Activity | Would you return the entries below exactly from the line containing "by rewrite cmulA -(cmulA V) HV1 cmul1l." onward, ending with the final line and including it, and nothing else?

Start of Task input

Lemma center_comm_even_dim W U : ~~ odd n -> in_center W -> W ** U = U ** W.
Proof. by move=> n_even /(center_even_dim n_even) ->; rewrite cmul_scl cmul_scr. Qed.

Lemma center_mul_even_dim W V :
  ~~ odd n -> in_center W -> in_center V -> in_center (W ** V).
Proof. by move=> n_even /(center_even_dim n_even) ->; rewrite cmul_scl; apply: center_scale. Qed.

Lemma center_pseudoscalar : odd n -> in_center (blade setT).
Proof.
move=> n_odd; apply/in_centerP => A; rewrite bladeE /central_blade n_odd negb_or /=.
by case/andP => _ /negbTE ->.
Qed.

Lemma center_odd_dim U : odd n -> in_center U -> U = sc (U set0) + U setT *: blade setT.
Proof.
move=> n_odd /in_centerP HU; apply/ffunP => A; rewrite clifDE scE clifZE bladeE.
have T0 : setT != set0 :> {set 'I_n} by rewrite -card_gt0 cardsT card_ord; case: n n_odd.
have [->|A0] := eqVneq A set0; first by rewrite eq_sym (negbTE T0) mulr0 addr0.
have [->|AT] := eqVneq A setT; first by rewrite mulr1 add0r.
by rewrite mulr0 addr0 HU // /central_blade (negbTE A0) (negbTE AT) andbF.
Qed.

Lemma invertible_neq0 U : cinvertible eta U -> U != 0.
Proof. by case=> V [HUV _]; apply: contra_neq cone_neq0 => U0; rewrite -HUV U0 cmul0l. Qed.

Lemma sc_invertible a : a != 0 -> cinvertible eta (sc a).
Proof.
by move=> a0; exists (sc a^-1); rewrite !cmul_scl /sc !scalerA mulVf ?mulfV // scale1r.
Qed.

Lemma sc_invertible_neq0 a : cinvertible eta (sc a) -> a != 0.
Proof. by move/invertible_neq0; apply: contraNneq => ->; rewrite /sc scale0r. Qed.

Lemma scale_invertible a U : a != 0 -> cinvertible eta U -> cinvertible eta (a *: U).
Proof.
move=> a0 [V [HUV HVU]]; exists (a^-1 *: V).
by split; rewrite cmulZl cmulZr ?HUV ?HVU !scalerA ?mulVf ?mulfV // scale1r.
Qed.

Lemma invertible_of_norm U k :
  crev U ** U = sc k -> U ** crev U = sc k -> k != 0 -> cinvertible eta U.
Proof.
move=> HL HR k0; exists (k^-1 *: crev U).
by split; rewrite ?cmulZl ?cmulZr ?HL ?HR /sc !scalerA mulVf // scale1r.
Qed.

Lemma inv_mul U V : cinvertible eta U -> cinvertible eta V -> cinvertible eta (U ** V).
Proof.
move=> [U' [HU1 HU2]] [V' [HV1 HV2]]; exists (V' ** U'); split.
  by rewrite cmulA -(cmulA V) HV1 cmul1l.
by rewrite cmulA -(cmulA U') HU2 cmul1l.
Qed.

End of Task input

Reply |
  by rewrite cmulA -(cmulA V) HV1 cmul1l.
by rewrite cmulA -(cmulA U') HU2 cmul1l.
Qed.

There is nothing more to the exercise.